----- Extracted material

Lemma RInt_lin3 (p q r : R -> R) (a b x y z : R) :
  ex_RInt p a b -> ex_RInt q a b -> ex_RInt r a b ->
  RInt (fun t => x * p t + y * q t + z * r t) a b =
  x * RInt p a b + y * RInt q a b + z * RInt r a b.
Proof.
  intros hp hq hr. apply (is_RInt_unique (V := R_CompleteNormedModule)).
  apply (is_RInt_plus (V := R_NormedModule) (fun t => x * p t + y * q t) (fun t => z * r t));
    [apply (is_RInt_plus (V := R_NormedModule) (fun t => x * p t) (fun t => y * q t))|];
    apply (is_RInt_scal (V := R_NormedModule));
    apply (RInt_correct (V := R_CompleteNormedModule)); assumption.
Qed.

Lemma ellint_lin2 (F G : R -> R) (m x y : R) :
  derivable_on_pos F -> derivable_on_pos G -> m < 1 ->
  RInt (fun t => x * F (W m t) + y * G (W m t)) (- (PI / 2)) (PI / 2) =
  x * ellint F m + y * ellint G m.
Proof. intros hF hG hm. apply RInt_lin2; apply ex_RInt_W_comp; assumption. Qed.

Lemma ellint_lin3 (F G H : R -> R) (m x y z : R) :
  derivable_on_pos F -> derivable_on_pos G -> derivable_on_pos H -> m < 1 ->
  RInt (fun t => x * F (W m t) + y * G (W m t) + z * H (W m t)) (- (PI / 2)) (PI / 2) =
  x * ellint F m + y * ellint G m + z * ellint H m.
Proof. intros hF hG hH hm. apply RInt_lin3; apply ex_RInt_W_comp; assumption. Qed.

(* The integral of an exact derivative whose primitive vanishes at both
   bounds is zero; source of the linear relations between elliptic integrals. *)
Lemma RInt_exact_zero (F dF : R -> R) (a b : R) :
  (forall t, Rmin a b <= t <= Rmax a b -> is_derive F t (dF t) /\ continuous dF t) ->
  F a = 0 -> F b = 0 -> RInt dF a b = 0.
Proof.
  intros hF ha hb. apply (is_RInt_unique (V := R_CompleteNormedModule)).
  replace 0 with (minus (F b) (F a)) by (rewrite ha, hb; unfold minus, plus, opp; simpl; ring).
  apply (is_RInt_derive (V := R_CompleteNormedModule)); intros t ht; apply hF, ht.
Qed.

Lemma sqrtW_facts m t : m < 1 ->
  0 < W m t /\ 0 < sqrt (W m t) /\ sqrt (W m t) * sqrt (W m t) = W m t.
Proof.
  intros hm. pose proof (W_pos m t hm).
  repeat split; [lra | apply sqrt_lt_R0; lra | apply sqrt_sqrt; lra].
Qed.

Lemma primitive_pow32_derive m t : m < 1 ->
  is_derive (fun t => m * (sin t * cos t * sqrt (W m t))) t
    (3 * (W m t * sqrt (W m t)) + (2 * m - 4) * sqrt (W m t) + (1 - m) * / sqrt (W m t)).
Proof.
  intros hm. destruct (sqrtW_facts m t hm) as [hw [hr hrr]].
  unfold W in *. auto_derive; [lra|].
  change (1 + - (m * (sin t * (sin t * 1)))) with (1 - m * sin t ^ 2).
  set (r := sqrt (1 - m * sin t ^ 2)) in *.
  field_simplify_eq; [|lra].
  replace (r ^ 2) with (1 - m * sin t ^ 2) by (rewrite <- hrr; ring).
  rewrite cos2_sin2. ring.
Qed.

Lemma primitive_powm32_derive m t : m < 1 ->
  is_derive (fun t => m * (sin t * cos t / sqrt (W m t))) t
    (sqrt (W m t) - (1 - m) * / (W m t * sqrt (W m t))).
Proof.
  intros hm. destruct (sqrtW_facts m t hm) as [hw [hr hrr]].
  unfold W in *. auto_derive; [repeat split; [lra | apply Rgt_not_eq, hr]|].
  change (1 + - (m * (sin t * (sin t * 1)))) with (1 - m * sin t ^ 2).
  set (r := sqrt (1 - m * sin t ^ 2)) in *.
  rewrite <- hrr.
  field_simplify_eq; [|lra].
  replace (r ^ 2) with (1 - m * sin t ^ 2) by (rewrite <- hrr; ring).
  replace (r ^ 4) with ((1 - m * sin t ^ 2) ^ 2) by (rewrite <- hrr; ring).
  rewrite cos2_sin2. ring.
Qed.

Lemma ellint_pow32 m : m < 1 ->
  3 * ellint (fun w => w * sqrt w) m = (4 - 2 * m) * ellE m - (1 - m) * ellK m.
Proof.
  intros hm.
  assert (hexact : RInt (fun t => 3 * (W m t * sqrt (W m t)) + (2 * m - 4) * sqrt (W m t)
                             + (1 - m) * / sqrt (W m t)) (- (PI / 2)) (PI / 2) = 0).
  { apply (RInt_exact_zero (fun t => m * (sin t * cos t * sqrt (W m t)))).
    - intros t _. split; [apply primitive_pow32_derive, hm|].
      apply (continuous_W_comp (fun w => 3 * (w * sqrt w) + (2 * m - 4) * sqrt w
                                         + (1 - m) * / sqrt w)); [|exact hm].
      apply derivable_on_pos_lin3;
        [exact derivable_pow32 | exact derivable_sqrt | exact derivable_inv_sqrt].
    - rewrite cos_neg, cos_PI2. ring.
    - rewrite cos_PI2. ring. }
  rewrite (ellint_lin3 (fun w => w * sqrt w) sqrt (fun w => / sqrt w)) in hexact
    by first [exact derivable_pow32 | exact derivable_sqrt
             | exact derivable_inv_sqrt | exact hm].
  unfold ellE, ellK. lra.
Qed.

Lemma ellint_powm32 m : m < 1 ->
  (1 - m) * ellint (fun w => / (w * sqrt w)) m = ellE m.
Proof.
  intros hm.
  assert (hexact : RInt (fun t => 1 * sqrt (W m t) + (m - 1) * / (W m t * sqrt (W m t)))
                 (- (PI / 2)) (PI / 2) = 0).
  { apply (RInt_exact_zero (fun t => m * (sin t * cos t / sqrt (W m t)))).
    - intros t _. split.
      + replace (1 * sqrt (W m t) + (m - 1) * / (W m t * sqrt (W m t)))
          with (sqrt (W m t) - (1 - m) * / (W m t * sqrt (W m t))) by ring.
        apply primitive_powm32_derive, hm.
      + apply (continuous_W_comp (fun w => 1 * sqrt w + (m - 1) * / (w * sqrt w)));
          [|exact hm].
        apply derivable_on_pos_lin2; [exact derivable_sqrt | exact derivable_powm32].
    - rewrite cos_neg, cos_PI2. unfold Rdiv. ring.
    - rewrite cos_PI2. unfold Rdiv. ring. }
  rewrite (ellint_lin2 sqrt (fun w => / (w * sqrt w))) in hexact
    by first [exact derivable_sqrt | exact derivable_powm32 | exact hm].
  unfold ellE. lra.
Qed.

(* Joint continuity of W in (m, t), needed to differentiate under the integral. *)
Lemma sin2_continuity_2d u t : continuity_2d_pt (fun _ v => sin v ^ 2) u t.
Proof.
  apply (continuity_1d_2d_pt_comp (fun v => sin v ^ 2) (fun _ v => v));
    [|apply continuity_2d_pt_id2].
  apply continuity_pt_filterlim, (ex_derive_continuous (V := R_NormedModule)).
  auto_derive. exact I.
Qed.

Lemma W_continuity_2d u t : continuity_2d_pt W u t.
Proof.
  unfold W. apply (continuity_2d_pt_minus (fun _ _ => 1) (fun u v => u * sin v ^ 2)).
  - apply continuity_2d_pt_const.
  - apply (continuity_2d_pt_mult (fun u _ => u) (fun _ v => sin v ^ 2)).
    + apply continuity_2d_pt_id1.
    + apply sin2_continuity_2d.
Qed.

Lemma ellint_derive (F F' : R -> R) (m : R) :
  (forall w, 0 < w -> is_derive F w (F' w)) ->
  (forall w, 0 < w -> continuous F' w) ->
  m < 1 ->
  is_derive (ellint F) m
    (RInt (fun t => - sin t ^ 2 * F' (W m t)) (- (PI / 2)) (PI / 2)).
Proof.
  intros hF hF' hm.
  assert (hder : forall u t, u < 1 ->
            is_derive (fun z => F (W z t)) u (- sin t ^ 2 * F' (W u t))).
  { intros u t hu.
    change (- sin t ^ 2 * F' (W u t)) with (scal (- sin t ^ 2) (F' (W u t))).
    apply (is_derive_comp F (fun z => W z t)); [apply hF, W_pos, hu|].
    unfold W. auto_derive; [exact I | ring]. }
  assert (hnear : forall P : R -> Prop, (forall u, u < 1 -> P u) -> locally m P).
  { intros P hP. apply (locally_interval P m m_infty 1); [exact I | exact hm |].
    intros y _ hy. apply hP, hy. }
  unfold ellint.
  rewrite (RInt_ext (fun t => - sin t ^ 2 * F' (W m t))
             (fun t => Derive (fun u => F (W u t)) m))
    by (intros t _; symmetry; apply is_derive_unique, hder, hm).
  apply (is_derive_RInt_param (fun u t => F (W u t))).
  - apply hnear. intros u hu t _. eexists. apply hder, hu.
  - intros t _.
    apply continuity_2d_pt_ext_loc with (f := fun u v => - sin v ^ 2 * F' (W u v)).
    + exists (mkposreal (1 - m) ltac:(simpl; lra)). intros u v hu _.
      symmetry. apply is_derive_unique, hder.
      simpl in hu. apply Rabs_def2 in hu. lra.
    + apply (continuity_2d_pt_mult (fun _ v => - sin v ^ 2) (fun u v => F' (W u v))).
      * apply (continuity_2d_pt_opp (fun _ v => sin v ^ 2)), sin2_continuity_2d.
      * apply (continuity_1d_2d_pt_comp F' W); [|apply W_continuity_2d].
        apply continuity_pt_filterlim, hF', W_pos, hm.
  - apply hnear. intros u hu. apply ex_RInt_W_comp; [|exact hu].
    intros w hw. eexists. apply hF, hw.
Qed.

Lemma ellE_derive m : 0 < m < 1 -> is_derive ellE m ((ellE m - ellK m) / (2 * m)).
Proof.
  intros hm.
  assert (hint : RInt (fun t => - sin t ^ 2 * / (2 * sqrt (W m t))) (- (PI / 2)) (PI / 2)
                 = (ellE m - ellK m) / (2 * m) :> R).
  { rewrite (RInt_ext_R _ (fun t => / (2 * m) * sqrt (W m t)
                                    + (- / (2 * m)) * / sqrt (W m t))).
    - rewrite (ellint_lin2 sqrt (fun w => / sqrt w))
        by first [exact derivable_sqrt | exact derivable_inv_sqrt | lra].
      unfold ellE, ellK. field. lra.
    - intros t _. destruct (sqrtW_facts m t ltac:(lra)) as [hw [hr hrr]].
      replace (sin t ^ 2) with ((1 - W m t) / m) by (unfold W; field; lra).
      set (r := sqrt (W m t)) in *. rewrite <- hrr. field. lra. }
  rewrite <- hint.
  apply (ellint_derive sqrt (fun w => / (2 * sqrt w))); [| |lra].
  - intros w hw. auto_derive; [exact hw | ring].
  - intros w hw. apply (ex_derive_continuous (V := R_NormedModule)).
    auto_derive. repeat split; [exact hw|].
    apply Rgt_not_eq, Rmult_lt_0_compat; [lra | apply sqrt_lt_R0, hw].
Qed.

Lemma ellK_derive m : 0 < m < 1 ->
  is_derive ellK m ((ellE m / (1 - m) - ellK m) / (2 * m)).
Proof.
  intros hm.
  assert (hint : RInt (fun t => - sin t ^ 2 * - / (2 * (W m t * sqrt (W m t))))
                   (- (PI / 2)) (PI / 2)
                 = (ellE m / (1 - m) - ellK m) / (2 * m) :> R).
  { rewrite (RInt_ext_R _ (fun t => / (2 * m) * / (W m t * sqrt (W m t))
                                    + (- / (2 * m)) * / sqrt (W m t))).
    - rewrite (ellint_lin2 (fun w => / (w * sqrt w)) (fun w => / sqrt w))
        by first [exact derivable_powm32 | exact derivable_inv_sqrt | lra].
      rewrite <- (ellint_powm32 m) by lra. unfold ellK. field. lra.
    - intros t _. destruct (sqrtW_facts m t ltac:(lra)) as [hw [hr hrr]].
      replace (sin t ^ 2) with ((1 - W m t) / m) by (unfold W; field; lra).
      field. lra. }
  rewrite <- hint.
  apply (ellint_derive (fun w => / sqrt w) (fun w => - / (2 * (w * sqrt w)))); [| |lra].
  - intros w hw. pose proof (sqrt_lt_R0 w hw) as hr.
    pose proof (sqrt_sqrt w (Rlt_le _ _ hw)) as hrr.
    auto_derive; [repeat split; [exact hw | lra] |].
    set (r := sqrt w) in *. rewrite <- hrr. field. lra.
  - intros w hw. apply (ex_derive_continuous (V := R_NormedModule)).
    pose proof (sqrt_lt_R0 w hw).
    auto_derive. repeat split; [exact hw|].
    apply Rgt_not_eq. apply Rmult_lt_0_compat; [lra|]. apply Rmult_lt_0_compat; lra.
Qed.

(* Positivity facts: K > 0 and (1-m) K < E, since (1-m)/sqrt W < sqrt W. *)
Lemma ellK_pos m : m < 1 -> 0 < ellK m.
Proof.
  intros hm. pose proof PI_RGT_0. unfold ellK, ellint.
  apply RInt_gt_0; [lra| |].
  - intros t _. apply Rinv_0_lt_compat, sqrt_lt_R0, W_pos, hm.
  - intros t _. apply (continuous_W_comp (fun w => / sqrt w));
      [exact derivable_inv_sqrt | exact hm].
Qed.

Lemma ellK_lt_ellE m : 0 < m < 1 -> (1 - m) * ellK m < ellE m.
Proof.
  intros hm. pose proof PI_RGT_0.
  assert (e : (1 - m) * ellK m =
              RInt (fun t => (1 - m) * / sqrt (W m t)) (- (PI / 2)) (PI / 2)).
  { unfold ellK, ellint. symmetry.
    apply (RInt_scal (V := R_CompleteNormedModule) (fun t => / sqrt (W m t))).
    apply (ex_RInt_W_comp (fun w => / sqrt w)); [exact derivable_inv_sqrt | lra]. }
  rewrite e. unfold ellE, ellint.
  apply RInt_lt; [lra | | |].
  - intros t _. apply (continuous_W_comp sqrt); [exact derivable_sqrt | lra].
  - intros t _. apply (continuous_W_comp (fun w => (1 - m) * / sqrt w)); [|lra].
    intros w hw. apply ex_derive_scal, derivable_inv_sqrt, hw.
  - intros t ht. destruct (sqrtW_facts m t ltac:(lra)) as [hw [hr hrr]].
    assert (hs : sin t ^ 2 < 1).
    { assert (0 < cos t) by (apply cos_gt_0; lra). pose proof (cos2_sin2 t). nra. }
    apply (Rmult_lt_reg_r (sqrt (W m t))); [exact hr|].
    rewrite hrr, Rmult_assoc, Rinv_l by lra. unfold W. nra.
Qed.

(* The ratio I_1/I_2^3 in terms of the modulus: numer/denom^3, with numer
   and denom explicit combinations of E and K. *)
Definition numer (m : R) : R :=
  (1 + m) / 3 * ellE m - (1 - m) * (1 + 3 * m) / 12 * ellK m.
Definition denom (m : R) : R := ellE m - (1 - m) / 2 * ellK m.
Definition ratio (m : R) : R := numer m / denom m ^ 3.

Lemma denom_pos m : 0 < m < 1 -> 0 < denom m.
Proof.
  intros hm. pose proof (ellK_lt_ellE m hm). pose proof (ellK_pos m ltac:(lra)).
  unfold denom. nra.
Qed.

----------

Work order:
Could you copy exactly the lines from the first line of the records above through the line containing "apply (is_RInt_scal (V", both included, and nothing else?

Response to this exercise:
Lemma RInt_lin3 (p q r : R -> R) (a b x y z : R) :
  ex_RInt p a b -> ex_RInt q a b -> ex_RInt r a b ->
  RInt (fun t => x * p t + y * q t + z * r t) a b =
  x * RInt p a b + y * RInt q a b + z * RInt r a b.
Proof.
  intros hp hq hr. apply (is_RInt_unique (V := R_CompleteNormedModule)).
  apply (is_RInt_plus (V := R_NormedModule) (fun t => x * p t + y * q t) (fun t => z * r t));
    [apply (is_RInt_plus (V := R_NormedModule) (fun t => x * p t) (fun t => y * q t))|];
    apply (is_RInt_scal (V := R_NormedModule));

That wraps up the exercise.